IRC channel logs

2024-12-10.log

back to list of logs

<damo22>ok now that all is merged, i really dont know why parallel smp init crashes
<damo22>unless INIT/STARTUP timings are wrong
<damo22>AHA
<damo22>GDT for apboot is in the same place for all cpus....
<damo22>it is patched by every AP with the percpu gs stuff
<damo22>so they all clobber each other
<damo22>we should remove gs early
<damo22>how did AP call spl1 ?
<damo22>or spl0
<damo22>im so confused
<damo22>if you flush the instruction cache with a jmp, does it set interrupt flag?
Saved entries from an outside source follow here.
Lemma is_derive_duhamel_t f s wf (t : R) xi : cont_diff f ->
  is_derive (fun t => duhamel f s wf t xi) t
    (f xi * sin (wf * t) - s * duhamel (Derive f) s wf t xi).
Proof.
  intros Hf. unfold duhamel.
  set (F := fun u tau => f (xi - s * (u - tau)) * sin (wf * tau)).
  assert (Hd : forall u tau,
    Derive (fun u => F u tau) u = - s * Derive f (- s * u + s * tau + xi) * sin (wf * tau)).
  { intros u tau. apply is_derive_unique. unfold F. auto_derive; [apply Hf |].
    replace (- s * u + s * tau + xi) with (xi + - (s * (u + - tau))) by ring.
    rewrite Rmult_1_r. reflexivity. }
  assert (Hcont : forall u tau, continuity_2d_pt (fun u v => Derive (fun z => F z v) u) u tau).
  { intros u tau. eapply continuity_2d_pt_ext; [intros; symmetry; apply Hd |].
    apply continuity_2d_pt_affine_sin. apply Hf. }
  assert (Hint : forall u a b, ex_RInt (fun tau => F u tau) a b).
  { intros u a b. apply ex_RInt_duhamel_integrand, cont_diff_continuous, Hf. }
  replace (f xi * sin (wf * t)
           - s * RInt (fun tau => Derive f (xi - s * (t - tau)) * sin (wf * tau)) 0 t)
    with (RInt (fun tau => Derive (fun u => F u tau) t) 0 t + F t t * 1).
  - apply (is_derive_RInt_param_bound_comp_aux3 F 0 (fun u => u) t 1).
    + apply filter_forall. intros u. apply Hint.
    + exists (mkposreal 1 Rlt_0_1). apply filter_forall. intros u. apply Hint.
    + apply (is_derive_id (K := R_AbsRing)).
    + exists (mkposreal 1 Rlt_0_1). apply filter_forall. intros u tau _.
      unfold F. auto_derive. apply Hf.
    + intros tau _. apply Hcont.
    + apply locally_2d_forall. apply Hcont.
    + apply continuity_pt_filterlim, continuous_duhamel_integrand, cont_diff_continuous, Hf.
  - rewrite (RInt_ext _ (fun tau => - s * (Derive f (xi - s * (t - tau)) * sin (wf * tau)))).
    + rewrite (RInt_scal (V := R_CompleteNormedModule)).
      * unfold F. rewrite Rminus_diag, Rmult_0_r, Rminus_0_r.
        change (scal (- s) ?I) with (- s * I). ring.
      * apply ex_RInt_duhamel_integrand, Hf.
    + intros tau _. rewrite Hd, Rmult_assoc. do 3 f_equal. ring.
Qed.

Lemma heaviside_nonneg t : 0 <= t -> heaviside t = 1.
Proof. unfold heaviside; destruct (Rle_dec 0 t); lra. Qed.

Lemma heaviside_neg t : t < 0 -> heaviside t = 0.
Proof. unfold heaviside; destruct (Rle_dec 0 t); lra. Qed.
<damo22>interrupt flag is off but the AP is trying to run CPU_NUMBER() in spl1
<damo22>how??
<damo22>i mean how did it get there
<damo22>splvm() !!!!
<damo22>in ksmg_putchar
<damo22>we should not print during racy smp bringup
<damo22>mach's printf is not smp safe
<damo22>youpi: i have working parallel smp init
<damo22>\o/
<damo22>i also found and fixed a bug with the logical ids
<solid_black>hi
<damo22>hi
<damo22>i just mailed in parallel smp
<solid_black>I see :)
<solid_black>buy I wish I understood what is it that you're even fixing
<solid_black>is it making gnumach's own startup on smp more parallel?
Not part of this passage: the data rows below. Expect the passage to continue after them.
Lemma Gn_monomial d s :
  (forall i, d i \in K) -> \prod_i d i \in H -> Gn K H (monomial_mx d s).
Proof.
move=> dK dH; have -> : monomial_mx d s = diagA [set: 'I_n] d *m Mperm s.
  rewrite diagA_monomial Mperm_monomial mul_monomial_mx mulg1.
  by apply: eq_monomial_mx => i; rewrite in_setT mulr1.
apply: G_on_diagA_Mperm => //; first by rewrite (eq_bigl xpredT) // => i; rewrite in_setT.
by apply/subsetP => x; rewrite in_setT.
Qed.

Lemma G_on_monomial A g : G_on K H A g ->
  exists d s, [/\ forall i, d i \in K, forall i, i \notin A -> d i = 1,
    \prod_i d i \in H, perm_on A s & g = monomial_mx d s].
Proof.
elim=> [|a b Sa _ [d [s [dK dA dH sA ->]]]].
  exists (fun=> 1), 1%g; split; rewrite ?monomial_mx1 ?perm_on1 //.
  - by move=> _; exact: K1.
  - by rewrite big1 // H1.
case: Sa => [[e [eK eH ->]]|[t [tA ->]]].
  pose e1 i := if i \in A then e i else 1.
  have e1K i : e1 i \in K by rewrite /e1; case: ifPn => [/eK|_]; last exact: K1.
  exists (fun i => e1 i * d i), s; split => //.
  - by move=> i; apply: KM.
  - by move=> i iA; rewrite /e1 (negbTE iA) mul1r dA.
  - apply/eqmodH1; apply: (eqmodH_trans (eqmodH_big_split _ _ _)) => //.
    have := eqmodH_mul K1 (iffRL (eqmodH1 _) _) (iffRL (eqmodH1 _) dH).
    by rewrite mulr1 -big_mkcond; apply.
  - rewrite diagA_monomial mul_monomial_mx mulg1.
    by apply: eq_monomial_mx => i; rewrite invg1 perm1.
exists (fun i => d ((t^-1)%g i)), (s * t)%g; split; rewrite ?perm_onM //.
- by move=> i iA; rewrite (out_perm (perm_onV tA) iA) dA.
- by apply/eqmodH1; apply: eqmodH_trans (eqmodH_big_reindex _ _) (iffRL (eqmodH1 _) dH).
- by rewrite Mperm_monomial mul_monomial_mx; apply: eq_monomial_mx => i; rewrite mul1r.
Qed.



Section FixedSetTriple.
Variable X : 'cV[quat R]_n -> Prop.

Definition linked (i j : 'I_n) : bool :=
  `[< exists2 k, k \in K & forall v, X v -> v i 0 = k * v j 0 >].

Lemma linkedP i j :
  reflect (exists2 k, k \in K & forall v, X v -> v i 0 = k * v j 0) (linked i j).
Proof. exact: asboolP. Qed.

Lemma linked_refl i : linked i i.
Proof. by apply/linkedP; exists 1 => [|v _]; rewrite ?mul1r ?K1. Qed.

Lemma linked_sym i j : linked i j -> linked j i.
Proof.
case/linkedP => k kK ij; apply/linkedP; exists (qinv k) => [|v Xv]; first exact: KV.
by rewrite ij // mulrA qmulVr ?mul1r ?K_neq0.
Qed.

Lemma linked_trans i j l : linked i j -> linked j l -> linked i l.
Proof.
case/linkedP => k kK ij /linkedP[k' k'K jl]; apply/linkedP.
by exists (k * k') => [|v Xv]; rewrite ?KM // ij // jl // mulrA.
Qed.

Lemma linked_equiv : equivalence_rel linked.
Proof.
move=> i j l; split=> [|ij]; first exact: linked_refl.
by apply/idP/idP; [apply: linked_trans (linked_sym ij) | apply: linked_trans ij].
Qed.

(* For K = 1 a parabolic triple must have I0 = set0; the coordinates vanishing
   on X then form a single linked class. *)
Definition K_trivial := all (eq_op^~ 1) K.

Definition stab_I0 : {set 'I_n} :=
  if K_trivial then set0 else [set j | `[< forall v, X v -> v j 0 = 0 >]].

Definition stab_Pi := equivalence_partition linked (~: stab_I0).

Definition class_rep j := odflt j [pick i | linked j i].

Definition stab_xi j : quat R :=
  nth 1 K (find (fun k => `[< forall v, X v -> v j 0 = k * v (class_rep j) 0 >]) K).

Lemma linked_class_rep j : linked j (class_rep j).
Proof. by rewrite /class_rep; case: pickP => [//|_]; exact: linked_refl. Qed.

Lemma class_rep_eq i j : linked i j -> class_rep i = class_rep j.
Proof.
move=> ij; rewrite /class_rep (@eq_pick _ (linked i) (linked j)) => [|l].
  by case: pickP => // /(_ j); rewrite linked_refl.
exact: (linked_equiv i j l).2.
Qed.

Lemma stab_xiP j :
  stab_xi j \in K /\ forall v, X v -> v j 0 = stab_xi j * v (class_rep j) 0.
Proof.
pose p k := `[< forall v, X v -> v j 0 = k * v (class_rep j) 0 >].
have hasK : has p K.
  by case/linkedP: (linked_class_rep j) => k kK jk; apply/hasP; exists k => //; exact/asboolP.
by split; [rewrite mem_nth // -has_find | exact/asboolP/(nth_find 1 hasK)].
Qed.

Lemma stab_xiK j : stab_xi j \in K. Proof. by case: (stab_xiP j). Qed.

Lemma stab_I0_vanish j v : j \in stab_I0 -> X v -> v j 0 = 0.
Proof. by rewrite /stab_I0; case: K_trivial; rewrite inE // => /asboolP; apply. Qed.

Lemma stab_I0_witness j : ~~ K_trivial -> j \notin stab_I0 -> exists2 v, X v & v j 0 != 0.
Proof.
rewrite /stab_I0 => /negbTE ->; rewrite inE => /asboolPn jNI0.
apply: contrapT => noW; apply: jNI0 => v Xv; apply: contrapT => vj0.
by apply: noW; exists v => //; apply/eqP.
Qed.

Lemma K_trivial_eq1 k : K_trivial -> k \in K -> k = 1.
Proof. by move=> /allP Ktriv /Ktriv /eqP. Qed.

Lemma stab_Pi_partition : partition stab_Pi (~: stab_I0).
Proof. by apply: equivalence_partitionP => i j l _ _ _; exact: linked_equiv. Qed.

Lemma stab_Pi_block B : B \in stab_Pi ->
  {subset B <= ~: stab_I0} /\ {in B &, forall i j, linked i j}.
Proof.
case/imsetP => i _ ->; split=> [j|j l]; first by rewrite inE => /andP[].
by rewrite !inE => /andP[_ ij] /andP[_ il]; apply: linked_trans (linked_sym ij) il.
Qed.

Lemma stab_triple : parabolic_triple K stab_I0 stab_Pi stab_xi.
Proof.
split=> [K1triv||j _]; [|exact: stab_Pi_partition|exact: stab_xiK].
by rewrite /stab_I0 ifT //; apply/allP => k /K1triv ->.
Qed.

Lemma linked_stab_I0 i j : linked i j -> j \in stab_I0 -> i \in stab_I0.
Proof.
rewrite /stab_I0; case: K_trivial; rewrite ?inE // => /linkedP[k _ ij] /asboolP j0.
by apply/asboolP => v Xv; rewrite ij // j0 // mulr0.
Qed.

Definition xi_entry j := if j \in ~: stab_I0 then stab_xi j else 1.

Lemma xi_entryK j : xi_entry j \in K.
Proof. by rewrite /xi_entry; case: ifP => _; [exact: stab_xiK | exact: K1]. Qed.

Lemma conj_Mperm_Dxi t :
  Dxi stab_I0 stab_xi *m Mperm t *m Dxi_inv stab_I0 stab_xi =
  monomial_mx (fun i => xi_entry i * qinv (xi_entry ((t^-1)%g i))) t.
Proof. exact: conj_Mperm_diagA. Qed.

Lemma conj_Mperm_Dxi_Gn t :
  Gn K H (Dxi stab_I0 stab_xi *m Mperm t *m Dxi_inv stab_I0 stab_xi).
Proof.
rewrite conj_Mperm_Dxi; apply: Gn_monomial => [i|]; first by rewrite KM ?KV ?xi_entryK.
by apply: (prod_mulV_perm_in_H (t^-1)%g); exact: xi_entryK.
Qed.

Lemma conj_Mperm_Dxi_fix B t v : B \in stab_Pi -> perm_on B t -> X v ->
  (Dxi stab_I0 stab_xi *m Mperm t *m Dxi_inv stab_I0 stab_xi) *m v = v.
Proof.
move=> BPi tB Xv; have [BD Blinked] := stab_Pi_block BPi.
rewrite conj_Mperm_Dxi; apply/matrixP => i k; rewrite (ord1 k) mul_monomial_mx_col.
have [iB|iNB] := boolP (i \in B); last first.
  by rewrite (out_perm (perm_onV tB) iNB) qmulrV ?mul1r ?K_neq0 ?xi_entryK.
have jB : (t^-1)%g i \in B by rewrite (perm_closed _ (perm_onV tB)).
rewrite /xi_entry (BD _ iB) (BD _ jB); case: (stab_xiP i) => _ ->//.
case: (stab_xiP ((t^-1)%g i)) => xiK ->//; rewrite (class_rep_eq (Blinked _ _ iB jB)).
by rewrite -mulrA [qinv _ * _]mulrA qmulVr ?mul1r ?K_neq0.
Qed.

Lemma G_on_stab_I0_fix g v : G_on K H stab_I0 g -> X v -> g *m v = v.
Proof.
move=> /G_on_monomial[d [s [_ dI0 _ sI0 ->]]] Xv.
apply/matrixP => i k; rewrite (ord1 k) mul_monomial_mx_col.
have [iI0|iNI0] := boolP (i \in stab_I0); last first.
  by rewrite dI0 // mul1r (out_perm (perm_onV sI0) iNI0).
by rewrite !(stab_I0_vanish _ Xv) ?mulr0 // (perm_closed _ (perm_onV sI0)).
Qed.

Lemma P_triple_fix g : P_triple K H stab_I0 stab_Pi stab_xi g ->
  Gn K H g /\ forall v, X v -> g *m v = v.
Proof.
case=> g0 [s [g0G sB ->]]; split.
  apply: gen_group_mulmx (G_on_sub_Gn g0G) _.
  apply: (big_ind (Gn K H)) => [|M N|B _]; first exact: gen_one.
    exact: gen_group_mulmx.
  exact: conj_Mperm_Dxi_Gn.
move=> v Xv; rewrite -mulmxA [_ *m v](_ : _ = v) ?(G_on_stab_I0_fix g0G Xv) //.
apply: (big_ind (fun M : 'M_n => M *m v = v)) => [|M N Mv Nv|B BPi].
- exact: mul1mx.
- by rewrite -[M * N]/(M *m N) -mulmxA Nv Mv.
- exact: conj_Mperm_Dxi_fix (sB B BPi) Xv.
Qed.

Lemma prod_conj_Mperm_restr (t : 'S_n) : {in stab_Pi, forall B, t \in 'N(B | 'P)%g} ->
  \prod_(B in stab_Pi)
     (Dxi stab_I0 stab_xi *m Mperm (restr_perm B t) *m Dxi_inv stab_I0 stab_xi) =
  Dxi stab_I0 stab_xi *m Mperm (restr_perm (~: stab_I0) t) *m Dxi_inv stab_I0 stab_xi.
Proof.
move=> tN; set D := Dxi _ _; set Dinv := Dxi_inv _ _.
have [DDinv DinvD] : D *m Dinv = 1%:M /\ Dinv *m D = 1%:M.
  by apply: mul_diagA_inv => i _; rewrite K_neq0 ?stab_xiK.
have conjM : {morph (fun M => D *m M *m Dinv) : M N / M * N}.
  move=> M N /=; rewrite -[M * N]/(M *m N) -[_ * _]/(_ *m _) !mulmxA.
  by rewrite -[D *m M *m Dinv *m D]mulmxA DinvD mulmx1.
have conj1 : D *m 1 *m Dinv = 1 by rewrite mulmx1 DDinv.
rewrite -(big_morph _ conjM conj1) -big_filter prod_Mperm_restr.
- by rewrite big_filter -/(cover _) (cover_partition stab_Pi_partition).
- by rewrite filter_uniq ?index_enum_uniq.
- move=> B C; rewrite !mem_filter => /andP[BPi _] /andP[CPi _].
  exact: (trivIsetP (partition_trivIset stab_Pi_partition)).
- by move=> B; rewrite mem_filter => /andP[BPi _]; apply: tN.
Qed.

Section FixingMonomial.
Variables (d : 'I_n -> quat R) (s : 'S_n).
Hypotheses (dK : forall i, d i \in K) (dH : \prod_i d i \in H)
  (fixX : forall v, X v -> monomial_mx d s *m v = v).

Lemma fixX_coord v a : X v -> v (s a) 0 = d (s a) * v a 0.
Proof.
move=> Xv; have /matrixP/(_ (s a) 0) := fixX Xv.
by rewrite mul_monomial_mx_col permK => <-.
Qed.

Lemma linked_perm a : linked (s a) a.
Proof. by apply/linkedP; exists (d (s a)) => // v; exact: fixX_coord. Qed.

Lemma stab_I0_perm : s \in 'N(stab_I0 | 'P)%g.
Proof.
apply/astabsP => a /=; rewrite /aperm /stab_I0; case: K_trivial; rewrite !inE //.
apply/asboolP/asboolP => a0 v Xv; last by rewrite fixX_coord // a0 // mulr0.
by apply: (qmulrI (K_neq0 (dK (s a)))); rewrite /= -fixX_coord // a0 // mulr0.
Qed.

Lemma mem_stab_I0_perm a : (s a \in stab_I0) = (a \in stab_I0).
Proof. exact: (astabs_act a stab_I0_perm). Qed.

Lemma mem_stab_I0_permV a : ((s^-1)%g a \in stab_I0) = (a \in stab_I0).
Proof. by rewrite -mem_stab_I0_perm permKV. Qed.

Lemma stab_Pi_perm B : B \in stab_Pi -> s \in 'N(B | 'P)%g.
Proof.
case/imsetP => j _ ->; apply/astabsP => a /=; rewrite /aperm !inE mem_stab_I0_perm.
case: (a \in stab_I0) => //=; apply/idP/idP => ja.
  exact: linked_trans ja (linked_perm a).
exact: linked_trans ja (linked_sym (linked_perm a)).
Qed.

Lemma monomial_entry_off_I0 i : i \notin stab_I0 ->
  d i = stab_xi i * qinv (stab_xi ((s^-1)%g i)).
Proof.
move=> iNI0; set j := (s^-1)%g i.
have [Ktriv|KNtriv] := boolP K_trivial.
  by rewrite (K_trivial_eq1 Ktriv (dK i)) !(K_trivial_eq1 Ktriv (stab_xiK _)) qinv1 mulr1.
have ij : linked i j by have := linked_perm j; rewrite /j permKV.
have [v Xv v0] := stab_I0_witness KNtriv
  (contra (linked_stab_I0 (linked_class_rep i)) iNI0).
have : stab_xi i * v (class_rep i) 0 = d i * stab_xi j * v (class_rep i) 0.
  case: (stab_xiP i) (stab_xiP j) => _ <- // [_ xij].
  by rewrite -mulrA (class_rep_eq ij) -xij // /j -{1 2}(permKV s i) fixX_coord.
by move/(qmulIr v0) ->; rewrite -mulrA qmulrV ?mulr1 ?K_neq0 ?stab_xiK.
Qed.

Lemma prod_stab_I0_in_H : \prod_(i in stab_I0) d i \in H.
Proof.
pose dI0 i := if i \in stab_I0 then d i else 1.
pose dD i := if i \in stab_I0 then 1 else d i.
have dI0K i : dI0 i \in K by rewrite /dI0; case: ifP => _; [exact: dK | exact: K1].
have dDK i : dD i \in K by rewrite /dD; case: ifP => _; [exact: K1 | exact: dK].
have dD_H : \prod_i dD i \in H.
  rewrite (eq_bigr (fun i => xi_entry i * qinv (xi_entry ((s^-1)%g i)))).
    by apply: (prod_mulV_perm_in_H (s^-1)%g); exact: xi_entryK.
  move=> i _; rewrite /dD /xi_entry !inE mem_stab_I0_permV.
  by case: ifPn => iI0 /=; rewrite ?qinv1 ?mulr1 // monomial_entry_off_I0.
have d_split : \prod_i d i = \prod_i (dI0 i * dD i).
  by apply: eq_bigr => i _; rewrite /dI0 /dD; case: (i \in stab_I0); rewrite ?mulr1 ?mul1r.
have dI0_eqmodH : eqmodH (\prod_i dI0 i) (\prod_i d i).
  rewrite -[\prod_i dI0 i]mulr1 d_split; apply: eqmodH_sym.
  apply: eqmodH_trans (eqmodH_big_split _ _ _) _ => //.
  exact: eqmodH_mul (prod_in_K _ _) (eqmodH_refl _) (iffRL (eqmodH1 _) dD_H).
have /eqmodH1 := eqmodH_trans dI0_eqmodH (iffRL (eqmodH1 _) dH).
by rewrite [in X in _ -> X]big_mkcond.
Qed.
<damo22>it wakes all cpus at the same time
<damo22>with one IPI
<damo22>this is needed because you cannot address every cpu core individually on large cpus
<damo22>so previously, you could not run gnumach on xeon processor with 24 cores for example
<solid_black>ah, so this is about supporting specific processors that have a large number of cores?
<damo22>yes basically x86
<solid_black>what were the issues that prevent us from enabling SMP for everything by default
<solid_black>it hung during boot, I think?
<damo22>yes
<solid_black>and there were some recent deadlocks that Pellescours has fixed?
<damo22>indeed
<damo22>we need to test it more
<solid_black>let's maybe just debug the remaining hangs
<solid_black>how hard could it be (famous last words)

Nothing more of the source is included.